(Excerpted data begins)
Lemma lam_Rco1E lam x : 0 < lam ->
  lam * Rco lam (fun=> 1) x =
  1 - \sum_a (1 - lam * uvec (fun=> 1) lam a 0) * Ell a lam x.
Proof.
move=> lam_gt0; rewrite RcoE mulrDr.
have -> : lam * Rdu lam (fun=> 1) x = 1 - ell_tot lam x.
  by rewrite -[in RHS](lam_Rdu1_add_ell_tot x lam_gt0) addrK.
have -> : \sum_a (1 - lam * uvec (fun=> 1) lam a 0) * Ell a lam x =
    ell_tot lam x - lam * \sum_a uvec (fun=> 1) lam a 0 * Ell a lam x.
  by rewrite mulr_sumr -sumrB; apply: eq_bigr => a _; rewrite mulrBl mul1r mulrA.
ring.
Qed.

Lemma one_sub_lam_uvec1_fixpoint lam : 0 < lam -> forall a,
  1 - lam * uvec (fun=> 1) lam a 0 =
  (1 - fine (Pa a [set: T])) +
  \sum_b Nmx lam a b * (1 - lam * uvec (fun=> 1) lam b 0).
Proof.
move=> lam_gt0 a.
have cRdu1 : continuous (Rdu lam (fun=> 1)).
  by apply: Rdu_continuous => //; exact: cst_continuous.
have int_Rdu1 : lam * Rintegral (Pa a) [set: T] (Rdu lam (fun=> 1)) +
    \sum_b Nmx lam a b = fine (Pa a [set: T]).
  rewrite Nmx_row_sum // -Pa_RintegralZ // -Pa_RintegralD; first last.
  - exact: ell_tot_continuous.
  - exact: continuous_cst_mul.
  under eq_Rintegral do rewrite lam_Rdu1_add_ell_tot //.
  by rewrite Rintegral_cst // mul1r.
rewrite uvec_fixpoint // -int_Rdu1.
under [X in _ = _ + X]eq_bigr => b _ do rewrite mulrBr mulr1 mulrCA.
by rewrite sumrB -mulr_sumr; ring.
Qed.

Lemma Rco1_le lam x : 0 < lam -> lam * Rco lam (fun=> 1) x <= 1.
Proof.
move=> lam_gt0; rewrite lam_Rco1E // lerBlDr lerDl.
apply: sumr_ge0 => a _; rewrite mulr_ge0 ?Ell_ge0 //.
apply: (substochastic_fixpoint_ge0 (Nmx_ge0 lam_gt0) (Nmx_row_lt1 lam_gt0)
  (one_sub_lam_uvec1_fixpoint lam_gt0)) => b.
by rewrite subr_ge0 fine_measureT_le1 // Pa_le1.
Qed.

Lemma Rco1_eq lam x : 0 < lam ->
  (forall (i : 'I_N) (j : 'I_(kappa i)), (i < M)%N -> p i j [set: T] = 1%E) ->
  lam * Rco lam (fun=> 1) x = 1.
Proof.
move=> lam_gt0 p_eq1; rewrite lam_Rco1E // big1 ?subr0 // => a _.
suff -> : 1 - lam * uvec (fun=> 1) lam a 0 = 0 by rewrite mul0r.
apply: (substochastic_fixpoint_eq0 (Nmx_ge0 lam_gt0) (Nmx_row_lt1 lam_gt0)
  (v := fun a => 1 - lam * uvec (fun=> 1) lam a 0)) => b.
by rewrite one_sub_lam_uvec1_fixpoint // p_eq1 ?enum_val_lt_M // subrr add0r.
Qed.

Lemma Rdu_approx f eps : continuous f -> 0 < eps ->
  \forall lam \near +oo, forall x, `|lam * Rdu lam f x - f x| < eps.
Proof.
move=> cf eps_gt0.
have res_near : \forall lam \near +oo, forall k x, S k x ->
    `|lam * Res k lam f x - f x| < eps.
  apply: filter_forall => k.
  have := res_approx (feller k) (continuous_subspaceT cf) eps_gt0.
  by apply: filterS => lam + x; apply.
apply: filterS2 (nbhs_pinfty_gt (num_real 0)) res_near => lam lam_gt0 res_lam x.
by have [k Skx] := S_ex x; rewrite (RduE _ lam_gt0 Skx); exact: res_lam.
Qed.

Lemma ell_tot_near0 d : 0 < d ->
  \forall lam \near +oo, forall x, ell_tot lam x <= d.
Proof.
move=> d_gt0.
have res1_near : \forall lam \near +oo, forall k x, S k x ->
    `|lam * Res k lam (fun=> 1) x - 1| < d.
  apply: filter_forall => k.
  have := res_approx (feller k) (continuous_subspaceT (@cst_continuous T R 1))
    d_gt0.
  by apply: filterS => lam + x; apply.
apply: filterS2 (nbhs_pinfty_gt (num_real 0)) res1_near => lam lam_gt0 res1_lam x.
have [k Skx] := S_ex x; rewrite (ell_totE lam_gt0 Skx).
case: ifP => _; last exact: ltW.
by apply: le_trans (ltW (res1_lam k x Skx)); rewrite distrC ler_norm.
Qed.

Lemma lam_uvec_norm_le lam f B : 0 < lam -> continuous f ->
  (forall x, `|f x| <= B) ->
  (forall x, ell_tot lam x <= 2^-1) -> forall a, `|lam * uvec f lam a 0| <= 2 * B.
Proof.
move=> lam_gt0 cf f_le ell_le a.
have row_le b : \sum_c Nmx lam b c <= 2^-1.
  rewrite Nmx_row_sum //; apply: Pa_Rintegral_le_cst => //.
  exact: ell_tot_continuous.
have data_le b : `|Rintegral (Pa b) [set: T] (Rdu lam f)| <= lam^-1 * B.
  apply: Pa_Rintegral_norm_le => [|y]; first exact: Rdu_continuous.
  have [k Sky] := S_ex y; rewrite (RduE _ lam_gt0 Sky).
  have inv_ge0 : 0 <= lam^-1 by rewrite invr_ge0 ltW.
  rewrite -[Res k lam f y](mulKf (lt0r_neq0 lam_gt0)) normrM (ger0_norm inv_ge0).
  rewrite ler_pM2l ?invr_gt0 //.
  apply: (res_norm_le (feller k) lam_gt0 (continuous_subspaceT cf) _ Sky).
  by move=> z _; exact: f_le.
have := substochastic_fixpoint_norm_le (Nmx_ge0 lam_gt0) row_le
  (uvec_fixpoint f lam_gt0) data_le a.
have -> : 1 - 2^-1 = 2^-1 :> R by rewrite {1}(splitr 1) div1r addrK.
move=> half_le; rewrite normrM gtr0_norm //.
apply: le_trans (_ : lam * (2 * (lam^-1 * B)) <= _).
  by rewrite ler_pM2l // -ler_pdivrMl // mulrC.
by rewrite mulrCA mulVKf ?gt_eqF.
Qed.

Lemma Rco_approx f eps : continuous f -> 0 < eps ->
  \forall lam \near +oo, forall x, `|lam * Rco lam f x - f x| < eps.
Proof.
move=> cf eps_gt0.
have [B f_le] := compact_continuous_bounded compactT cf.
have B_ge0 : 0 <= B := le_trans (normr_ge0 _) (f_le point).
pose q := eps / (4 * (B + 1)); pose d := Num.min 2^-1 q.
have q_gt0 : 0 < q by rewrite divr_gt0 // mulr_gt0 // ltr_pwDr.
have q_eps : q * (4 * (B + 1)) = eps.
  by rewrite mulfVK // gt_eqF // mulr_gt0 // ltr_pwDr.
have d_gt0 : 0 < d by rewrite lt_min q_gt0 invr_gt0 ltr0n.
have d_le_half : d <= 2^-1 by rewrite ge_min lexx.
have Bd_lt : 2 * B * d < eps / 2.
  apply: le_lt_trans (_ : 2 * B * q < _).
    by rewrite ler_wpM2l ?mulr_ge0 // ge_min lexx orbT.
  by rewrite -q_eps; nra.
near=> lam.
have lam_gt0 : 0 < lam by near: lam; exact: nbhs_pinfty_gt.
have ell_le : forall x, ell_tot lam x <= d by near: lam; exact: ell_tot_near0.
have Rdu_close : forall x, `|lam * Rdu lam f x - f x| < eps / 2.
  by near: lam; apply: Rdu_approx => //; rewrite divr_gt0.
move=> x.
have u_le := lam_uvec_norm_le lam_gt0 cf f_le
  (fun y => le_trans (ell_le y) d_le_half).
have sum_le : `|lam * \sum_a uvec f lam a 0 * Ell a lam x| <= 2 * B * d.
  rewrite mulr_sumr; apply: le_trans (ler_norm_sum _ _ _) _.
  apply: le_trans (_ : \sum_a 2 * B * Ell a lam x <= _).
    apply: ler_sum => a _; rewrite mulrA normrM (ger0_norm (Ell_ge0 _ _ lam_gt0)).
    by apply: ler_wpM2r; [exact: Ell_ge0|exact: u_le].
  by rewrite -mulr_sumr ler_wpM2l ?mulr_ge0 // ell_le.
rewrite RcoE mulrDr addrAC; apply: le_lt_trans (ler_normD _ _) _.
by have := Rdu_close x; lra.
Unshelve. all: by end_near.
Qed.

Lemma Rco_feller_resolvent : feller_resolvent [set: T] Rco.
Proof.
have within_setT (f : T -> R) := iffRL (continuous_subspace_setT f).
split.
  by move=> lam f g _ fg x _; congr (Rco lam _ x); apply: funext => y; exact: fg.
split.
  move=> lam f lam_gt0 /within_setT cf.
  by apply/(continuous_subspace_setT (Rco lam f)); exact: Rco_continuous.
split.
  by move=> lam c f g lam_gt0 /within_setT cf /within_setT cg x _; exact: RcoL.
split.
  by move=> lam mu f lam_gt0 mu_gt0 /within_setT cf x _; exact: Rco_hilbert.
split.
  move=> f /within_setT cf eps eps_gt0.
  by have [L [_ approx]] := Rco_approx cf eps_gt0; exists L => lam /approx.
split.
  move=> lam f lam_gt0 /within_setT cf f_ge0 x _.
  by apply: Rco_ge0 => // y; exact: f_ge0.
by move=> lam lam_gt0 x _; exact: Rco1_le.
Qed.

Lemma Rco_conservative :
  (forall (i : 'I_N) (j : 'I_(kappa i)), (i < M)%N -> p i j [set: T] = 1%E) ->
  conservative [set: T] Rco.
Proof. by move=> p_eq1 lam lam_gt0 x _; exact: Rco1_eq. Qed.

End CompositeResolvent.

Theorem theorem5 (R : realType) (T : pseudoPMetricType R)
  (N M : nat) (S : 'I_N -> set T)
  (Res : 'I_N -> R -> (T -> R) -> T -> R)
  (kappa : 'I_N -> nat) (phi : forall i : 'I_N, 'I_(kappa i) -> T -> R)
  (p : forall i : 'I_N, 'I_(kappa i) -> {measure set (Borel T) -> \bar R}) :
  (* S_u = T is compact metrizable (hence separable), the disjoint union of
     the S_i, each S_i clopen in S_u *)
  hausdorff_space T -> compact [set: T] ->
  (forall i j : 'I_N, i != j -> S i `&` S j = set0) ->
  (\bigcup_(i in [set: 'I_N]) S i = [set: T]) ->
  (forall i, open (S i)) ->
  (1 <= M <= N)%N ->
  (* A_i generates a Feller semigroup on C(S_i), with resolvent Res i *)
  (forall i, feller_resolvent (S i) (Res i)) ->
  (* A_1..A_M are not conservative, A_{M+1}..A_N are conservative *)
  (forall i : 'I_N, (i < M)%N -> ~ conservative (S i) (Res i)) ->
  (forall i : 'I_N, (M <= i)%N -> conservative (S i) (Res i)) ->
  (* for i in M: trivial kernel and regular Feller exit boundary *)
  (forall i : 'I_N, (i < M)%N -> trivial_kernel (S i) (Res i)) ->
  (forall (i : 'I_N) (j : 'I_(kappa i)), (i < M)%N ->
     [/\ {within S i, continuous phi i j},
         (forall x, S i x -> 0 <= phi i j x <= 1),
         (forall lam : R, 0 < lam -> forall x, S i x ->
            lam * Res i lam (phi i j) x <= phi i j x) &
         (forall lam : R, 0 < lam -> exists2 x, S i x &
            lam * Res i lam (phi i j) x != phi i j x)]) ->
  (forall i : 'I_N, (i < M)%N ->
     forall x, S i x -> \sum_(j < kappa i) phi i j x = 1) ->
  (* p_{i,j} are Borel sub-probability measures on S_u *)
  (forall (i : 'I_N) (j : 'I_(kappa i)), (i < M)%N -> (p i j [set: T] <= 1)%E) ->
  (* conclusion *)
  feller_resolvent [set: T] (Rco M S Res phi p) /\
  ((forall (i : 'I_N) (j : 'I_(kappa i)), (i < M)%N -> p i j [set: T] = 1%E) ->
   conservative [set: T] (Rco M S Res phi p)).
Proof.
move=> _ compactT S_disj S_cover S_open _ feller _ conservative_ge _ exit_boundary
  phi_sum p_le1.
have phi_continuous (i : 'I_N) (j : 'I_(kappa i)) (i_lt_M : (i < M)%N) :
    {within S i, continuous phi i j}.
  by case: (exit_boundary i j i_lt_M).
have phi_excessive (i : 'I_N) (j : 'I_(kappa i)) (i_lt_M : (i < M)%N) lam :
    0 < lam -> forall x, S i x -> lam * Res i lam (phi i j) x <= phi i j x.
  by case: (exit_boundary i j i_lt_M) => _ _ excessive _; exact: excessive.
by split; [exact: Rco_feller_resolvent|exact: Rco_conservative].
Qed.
(Excerpted data ends)
Reproduce each line from the records that contains the word "RcoE".

■ Task solution:
move=> lam_gt0; rewrite RcoE mulrDr.
rewrite RcoE mulrDr addrAC; apply: le_lt_trans (ler_normD _ _) _.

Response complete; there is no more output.